With luxury department and specialty stores and garment lofts all migrating north, on or just off of Fifth Avenue, above 34th Street, conflict was inevitable. The store owners feared their customers would be scared away by the noontime congestion of male garment workers, just as they had been on the Ladies Mile. As a result, in 1916, the Fifth Avenue Association, an organization of property owners and retailers, threatened to boycott any manufacturer located in a "restricted zone" between Third and Seventh Avenues, and 33rd to 59th Streets.

On March 5, 1916, New York newspapers published full-page advertisements paid for by the Fifth Avenue Association: "SHALL WE SAVE NEW YORK?: A Vital Question To Every One Who Has Pride In This Great City." The advertisement was signed by the major retail stores, as well as by banks, hotels, specialty stores, and prominent landowners. The manufacturers soon acquiesced to the committee's demands. In truth, few had much to lose by moving out of these new lofts where rents were high, and relocation would be easy, since sewing machines and other equipment were portable.
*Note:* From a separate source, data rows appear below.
Lemma Cconj_expi a : Cconj (Cexpi a) = Cexpi (- a).
Proof. apply C_ext; simpl; rewrite ?cos_neg, ?sin_neg; ring. Qed.

Lemma Cinv_expi a : Cinv (Cexpi a) = Cexpi (- a).
Proof.
  apply C_ext; simpl; rewrite ?cos_neg, ?sin_neg;
  replace (cos a * cos a + sin a * sin a) with 1
    by (rewrite <- (sin2_cos2 a); unfold Rsqr; ring);
  field.
Qed.

Lemma Cpow_expi a n : Cpow (Cexpi a) n = Cexpi (INR n * a).
Proof.
  induction n as [|n IH]; simpl Cpow.
  - rewrite Rmult_0_l, Cexpi_0; reflexivity.
  - rewrite IH, Cexpi_add, S_INR; f_equal; ring.
Qed.

Lemma Cpow_conj_expi a n : Cpow (Cconj (Cexpi a)) n = Cexpi (- (INR n * a)).
Proof. rewrite Cconj_expi, Cpow_expi; f_equal; ring. Qed.

Lemma Csum_ext f g N : (forall n, (n <= N)%nat -> f n = g n) -> Csum f N = Csum g N.
Proof.
  induction N as [|N IH]; intros H; simpl.
  - apply H; lia.
  - rewrite IH by (intros; apply H; lia). rewrite H by lia. reflexivity.
Qed.

Lemma Csum_mul_l c f N : Csum (fun n => Cmul c (f n)) N = Cmul c (Csum f N).
Proof. induction N; simpl; [reflexivity|rewrite IHN; ring]. Qed.

Lemma Csum_opp f N : Csum (fun n => Copp (f n)) N = Copp (Csum f N).
Proof. induction N; simpl; [reflexivity|rewrite IHN; ring]. Qed.

Lemma Csum_sub f g N : Csum (fun n => Csub (f n) (g n)) N = Csub (Csum f N) (Csum g N).
Proof. induction N; simpl; [reflexivity|rewrite IHN; unfold Csub; ring]. Qed.

Lemma Csum_conj f N : Csum (fun n => Cconj (f n)) N = Cconj (Csum f N).
Proof. induction N; simpl; [reflexivity|rewrite IHN; apply C_ext; simpl; ring]. Qed.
But where to move? There was insufficient modern industrial space south of 33rd Street. Some broached moving the industry out of Manhattan. But garment manufacturers needed to be in the city, close to the department stores that purchased their wares, to the train terminals that brought buyers from across the country to their showrooms, and to transit lines used by workers on their daily commutes. Pressure to move out of the restricted zone mounted after World War I. Finally, in December 1919, the New York Times announced that "the establishment of a new center for the cloak and suit trade of New York has been definitely decided upon."